Use the duality transform from Chapter 8 to transform this problem into one
involving arrangements, and describe how to solve it in O(n2) time.
- Consider the silhouette of the unit sphere, as seen from a point p
outside the unit sphere in 3D.
It consists of the the set of points on the sphere whose tangent planes
contain p.
Using the duality transform T defined on pages 41 and 42 of the handout,
what is the dual of the silhouette?
- Read handout from Matousek's Lectures on Discrete
Geometry.
- Think about the following question, but you do not need
to write it up or hand it in. A vertex of a four-dimensional simplex
is contained in four (d-1)-dimensional facets. How many 3,2, and 1
dimensional faces is it contained in? In general, how many faces of
dimension k contain a vertex of a d-dimensional simplex?
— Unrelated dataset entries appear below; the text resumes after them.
(* For every pure context $F$, term $t$ and variable $x\notin\mathrm{fv}(F)$, we have $\langle (\lambda x.\langle F[x]\rangle)\,t\rangle \sim \langle F[t]\rangle$.
   Context: The calculus $\lambda_{\mathcal S}$. Terms: $t ::= x \mid \lambda x.t \mid t\,t \mid \mathcal{S}k.t \mid \langle t\rangle$ (shift and reset); values: $v ::= \lambda x.t \mid x$. $\lambda x.t$ binds $x$, $\mathcal{S}k.t$ binds $k$; terms up to $\alpha$-conversion; $\mathrm{fv}$ free variables; capture-avoiding substitution $t\{v/x\}$. Pure contexts $F ::= [\,] \mid v\,F \mid F\,t$; evaluation contexts $E ::= [\,] \mid v\,E \mid E\,t \mid \langle E\rangle$. Reduction: $E[(\lambda x.t)\,v] \to E[t\{v/x\}]$; $E[\langle F[\mathcal{S}k.t]\rangle] \to E[\langle t\{\lambda x.\langle F[x]\rangle/k\}\rangle]$ ($x\notin\mathrm{fv}(F)$); $E[\langle v\rangle]\to E[v]$. $t\Downarrow t'$ iff $t\to^*t'$ and $t'$ irreducible. Normal forms: values, control stuck terms $F[\mathcal{S}k.t]$, open stuck terms $E[x\,v]$. Fresh: not free in the terms/contexts considered. Normal form bisimilarity $\sim$: for a relation $\mathcal R$ on terms, $E_0\mathrel{\mathcal R}E_1$ iff either $E_0=E_0'[\langle F_0\rangle]$, $E_1=E_1'[\langle F_1\rangle]$ ($F_i$ pure) with $E_0'[x]\mathrel{\mathcal R}E_1'[x]$ and $\langle F_0[x]\rangle\mathrel{\mathcal R}\langle F_1[x]\rangle$ ($x$ fresh), or $E_0=F_0$, $E_1=F_1$ pure with $F_0[x]\mathrel{\mathcal R}F_1[x]$ ($x$ fresh). $v\mathbin{@}y$ is $x\,y$ if $v=x$, $t\{y/x\}$ if $v=\lambda x.t$. $\mathcal R^{\mathrm{nf}}$ on normal forms: $v_0\mathrel{\mathcal R^{\mathrm{nf}}}v_1$ if $v_0\mathbin{@}x\mathrel{\mathcal R}v_1\mathbin{@}x$ ($x$ fresh); $F_0[\mathcal{S}k.t_0]\mathrel{\mathcal R^{\mathrm{nf}}}F_1[\mathcal{S}k.t_1]$ if $F_0\mathrel{\mathcal R}F_1$ and $\langle t_0\rangle\mathrel{\mathcal R}\langle t_1\rangle$; $E_0[x\,v_0]\mathrel{\mathcal R^{\mathrm{nf}}}E_1[x\,v_1]$ if $E_0\mathrel{\mathcal R}E_1$ and $v_0\mathrel{\mathcal R^{\mathrm{nf}}}v_1$. $\mathcal R$ is a normal form simulation if $t_0\mathrel{\mathcal R}t_1$ and $t_0\Downarrow t_0'$ imply $t_1\Downarrow t_1'$ with $t_0'\mathrel{\mathcal R^{\mathrm{nf}}}t_1'$; a bisimulation if $\mathcal R$ and $\mathcal R^{-1}$ are simulations; $\sim$ is the largest normal form bisimulation. *)

(* The calculus lambda_S (shift/reset) in locally nameless
   representation: bound variables are de Bruijn indices (so alpha-equivalent
   terms are syntactically equal), free variables are names (nat). *)
From Stdlib Require Import List Arith.
Import ListNotations.

Inductive term : Type :=
| BVar  : nat -> term
| FVar  : nat -> term
| Lam   : term -> term
| App   : term -> term -> term
| Shift : term -> term           (* S k. t (binds index 0) *)
| Reset : term -> term.

Definition is_value (t : term) : Prop :=
  match t with Lam _ | FVar _ => True | _ => False end.

Fixpoint fv (t : term) : list nat :=
  match t with
  | BVar _ => []
  | FVar x => [x]
  | Lam b => fv b
  | App a b => fv a ++ fv b
  | Shift b => fv b
  | Reset b => fv b
  end.

Fixpoint open_rec (k : nat) (u : term) (t : term) : term :=
  match t with
  | BVar n => if Nat.eqb n k then u else BVar n
  | FVar x => FVar x
  | Lam b => Lam (open_rec (S k) u b)
  | App a b => App (open_rec k u a) (open_rec k u b)
  | Shift b => Shift (open_rec (S k) u b)
  | Reset b => Reset (open_rec k u b)
  end.
Definition open (b u : term) : term := open_rec 0 u b.

Fixpoint close_rec (k : nat) (x : nat) (t : term) : term :=
  match t with
  | BVar n => BVar n
  | FVar y => if Nat.eqb y x then BVar k else FVar y
  | Lam b => Lam (close_rec (S k) x b)
  | App a b => App (close_rec k x a) (close_rec k x b)
  | Shift b => Shift (close_rec (S k) x b)
  | Reset b => Reset (close_rec k x b)
  end.
Definition close (x : nat) (t : term) : term := close_rec 0 x t.

(* local closure: the representations of genuine (alpha-classes of) terms *)
Fixpoint lc_at (k : nat) (t : term) : Prop :=
  match t with
  | BVar n => n < k
  | FVar _ => True
  | Lam b => lc_at (S k) b
  | App a b => lc_at k a /\ lc_at k b
  | Shift b => lc_at (S k) b
  | Reset b => lc_at k b
  end.
Definition lc (t : term) : Prop := lc_at 0 t.
(* For every $i \in \mathbb{N}$, the transposition $\sigma_{(i)}$ lies in the bi-immune symmetric group $G_{\mathfrak{B}}$.
   Context: $\mathbb{N}$ denotes the non-negative integers, and $\mathrm{Sym}(\mathbb{N})$ the group of all permutations of $\mathbb{N}$ under composition ($g \circ f$ means apply $f$ first). For $i \in \mathbb{N}$, $\sigma_{(i)}$ is the permutation swapping $i$ and $i+1$ and fixing all other numbers. For $A \subseteq \mathbb{N}$ with increasing enumeration $a_0 < a_1 < \cdots$, define $\sigma_A(x) = \lim_{n \to \infty} (\sigma_{(a_0)} \circ \sigma_{(a_1)} \circ \cdots \circ \sigma_{(a_n)})(x)$ (eventually constant for each $x$). A set $A$ is immune if it is infinite and contains no infinite computably enumerable subset; $A$ is bi-immune if both $A$ and $\mathbb{N} - A$ are immune. For bi-immune $A$, $\sigma_A$ is a permutation of $\mathbb{N}$. The bi-immune symmetric group $G_{\mathfrak{B}}$ is the subgroup of $\mathrm{Sym}(\mathbb{N})$ generated by $\{\sigma_A : A \text{ bi-immune}\}$. *)

From Stdlib Require Import Arith List.
Import ListNotations.

(** * A model of computation: partial (mu-)recursive functions.
    Functions act on argument lists (missing arguments read as 0). *)
Inductive rec : Type :=
| RZero : rec
| RSucc : rec
| RProj : nat -> rec
| RComp : rec -> list rec -> rec
| RPrim : rec -> rec -> rec
| RMu   : rec -> rec.

Inductive eval : rec -> list nat -> nat -> Prop :=
| ev_zero xs : eval RZero xs 0
| ev_succ xs : eval RSucc xs (S (nth 0 xs 0))
| ev_proj i xs : eval (RProj i) xs (nth i xs 0)
| ev_comp f gs xs ys y :
    Forall2 (fun g v => eval g xs v) gs ys ->
    eval f ys y -> eval (RComp f gs) xs y
| ev_prim0 f g xs y : eval f xs y -> eval (RPrim f g) (0 :: xs) y
| ev_primS f g n xs r y :
    eval (RPrim f g) (n :: xs) r -> eval g (n :: r :: xs) y ->
    eval (RPrim f g) (S n :: xs) y
| ev_mu f xs n :
    eval f (n :: xs) 0 ->
    (forall m, m < n -> exists v, v <> 0 /\ eval f (m :: xs) v) ->
    eval (RMu f) xs n.

Definition ce (W : nat -> Prop) : Prop :=
  exists f : rec, forall x, W x <-> exists y, eval f [x] y.
Lemma linked_open a z s : forall w, linked a w s z ->
  exists2 e, 0 < e & forall b w' s', margin b < margin a + e ->
    perturb e w' w -> pointwise (perturb e) s' s -> linked b w' s' z.
Proof.
elim: s => [|y s IH] w /=.
  move=> /prec_open[e e0 He]; exists e => // b w' [|//] hb hw _.
  by apply: He => //; exact: perturb_refl.
move=> [/prec_open[e1 e10 He1] /IH[e2 e20 He2]].
exists (Order.min e1 e2); first by rewrite lt_min e10 e20.
have le1 : Order.min e1 e2 <= e1 by rewrite ge_min lexx.
have le2 : Order.min e1 e2 <= e2 by rewrite ge_min lexx orbT.
move=> b w' [//|y' s'] hb hw [hy hs]; split.
  apply: He1; [|exact: perturb_le hw|exact: perturb_le hy].
  by apply: lt_le_trans hb _; rewrite lerD2l.
apply: He2; [|exact: perturb_le hy|].
  by apply: lt_le_trans hb _; rewrite lerD2l.
by apply: pointwise_impl hs => p q; exact: perturb_le.
Qed.

Lemma shape_open a z s : shape a z s ->
  exists2 e, 0 < e & forall b s', margin b < margin a + e ->
    pointwise (perturb e) s' s -> shape b z s'.
Proof.
case: s => [_|w s [w0 /linked_open[e e0 He]]]; first by exists 1 => // b [|].
exists e => // b [//|w' s'] hb [hw hs]; split; last exact: He.
have [_ keep0 _] := hw; move=> i; have := w0 i; rewrite /origin /= !mxE.
exact: keep0.
Qed.

Lemma Vfrom_lattice (prev prev' : pt) s t z : prev.2 = prev'.2 ->
  map snd s = map snd t -> Vfrom prev s z = Vfrom prev' t z.
Proof.
elim: s prev prev' t => [|w s IH] prev prev' [|w' t] //= e.
  by rewrite e.
by case=> ew es; rewrite e ew (IH w w' t ew es).
Qed.

(* A code is a half-open box with rational corners and a lattice part;
   codes form a countable type. *)
Definition code := ('rV[rat]_d1 * 'rV[rat]_d1 * 'rV[int]_d2)%type.

Definition box_of (b : code) : box R d1 d2 :=
  Box (map_mx (@ratr R) b.1.1) (map_mx (@ratr R) b.1.2) b.2.
(* Let $X$ and $A$ be non-empty finite sets and let $\mathcal R$ be a resource over $(X,A)$. Then the family of norms $(\|\cdot\|^{(n)}_{\mathcal R})_{n\in\mathbb N}$, where $\|u\|^{(n)}_{\mathcal R}=\sup_{U\in\mathcal R}\|\phi_U^{(n)}(u)\|$ for $u\in M_n(\mathcal S_1^{A,X})$, is an operator space structure on the vector space $\mathcal S_1^{A,X}$.
   Context: $\mathcal S_1^{A,X}$ is the space of linear operators $\mathbb C^A\to\mathbb C^X$ with matrix units $\epsilon_{x,a}=e_xe_a^*$. A block operator isometry over $(X,A)$ is an isometry $U=(U_{a,x})_{a\in A,x\in X}:H^X\to K^A$ with entries $U_{a,x}\in\mathcal B(H,K)$ ($H,K$ Hilbert spaces, allowed to depend on $U$); $\phi_U:\mathcal S_1^{A,X}\to\mathcal B(H,K)$ is the linear map with $\phi_U(\epsilon_{x,a})=U_{a,x}$, and $\phi_U^{(n)}$ its entrywise $n$-th amplification. The direct sum of block operator isometries $U,U'$ is the block operator isometry with entries $U_{a,x}\oplus U'_{a,x}$. A resource over $(X,A)$ is a family $\mathcal R$ of block operator isometries over $(X,A)$ that is closed under finite direct sums and is separating: for every nonzero $S\in\mathcal S_1^{A,X}$ there is $U\in\mathcal R$ with $\phi_U(S)\neq0$. (An operator space structure is a family of norms on $M_n(\cdot)$ satisfying Ruan's axioms $\|v\oplus w\|=\max\{\|v\|,\|w\|\}$ and $\|\alpha v\beta\|\le\|\alpha\|\|v\|\|\beta\|$.) *)

From HB Require Import structures.
From mathcomp Require Import all_boot all_order all_algebra.
From mathcomp Require Import all_classical all_reals ereal.
From mathcomp Require Import complex.

Set Implicit Arguments.
Unset Strict Implicit.
Unset Printing Implicit Defensive.

Import Order.TTheory GRing.Theory Num.Theory.
Local Open Scope ring_scope.
Local Open Scope classical_set_scope.

Section Defs.
Variable R : realType.
Local Notation C := (R[i]).

Definition sqn_of (V : Type) (ip : V -> V -> C) (x : V) : R := complex.Re (ip x x).

Definition ip_cauchy (V : zmodType) (ip : V -> V -> C) (u : nat -> V) :=
  forall e : R, 0 < e -> exists N : nat, forall m n : nat, (N <= m)%N -> (N <= n)%N ->
    Num.sqrt (sqn_of ip (u m - u n)) < e.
- Look at these ideas for projects, and
think about what you want to do on your own.
- Skim 4.1, then read 4.3 and 4.4. Skim 4.6, just to get the idea
and the result; we will discuss a simpler version of the algorithm in lecture.
- What is the expected number of times the minimum vertex of the polytope
changes, in the algorithm in Section 4.4? That is, what is the expected
number if indices i such that vi-1 is not contained
in hi?
- Feb 15 and Feb 20: I will give two lectures on using Delaunay
triangulation to model molecules, based on the
skin surfaces paper. You do not need to read it, but if you are
interested in molecular modeling and you'd like to work on the
project involving the mixed complex, you should.
- Feb 22: Skim Section 5.1, then read Section 5.2 carefully.
Here is a
writeup of the search method for nearest-neighbors and some great animations.
- In writing, give an example of a set of n points in the plane,
and a rectangle query, for which
k, the number of points in the rectangle is zero, but O(sqrt(n))
cells of the kd-tree have to be examined. For discussion in class,
think about how many cells
might have to be examined for a query circle. Fewer or more?
- Feb 27: I will lecture on the paper:
Kd-trees are best when cut on the longest side. The piercing Lemma
was originally proved in the classic paper
An optimal algorithm for approximate nearest neighbor searching in fixed
dimensions.
No reading required. Work on your reading for your project.
- Feb 29: Read section 14.2, on quad-trees.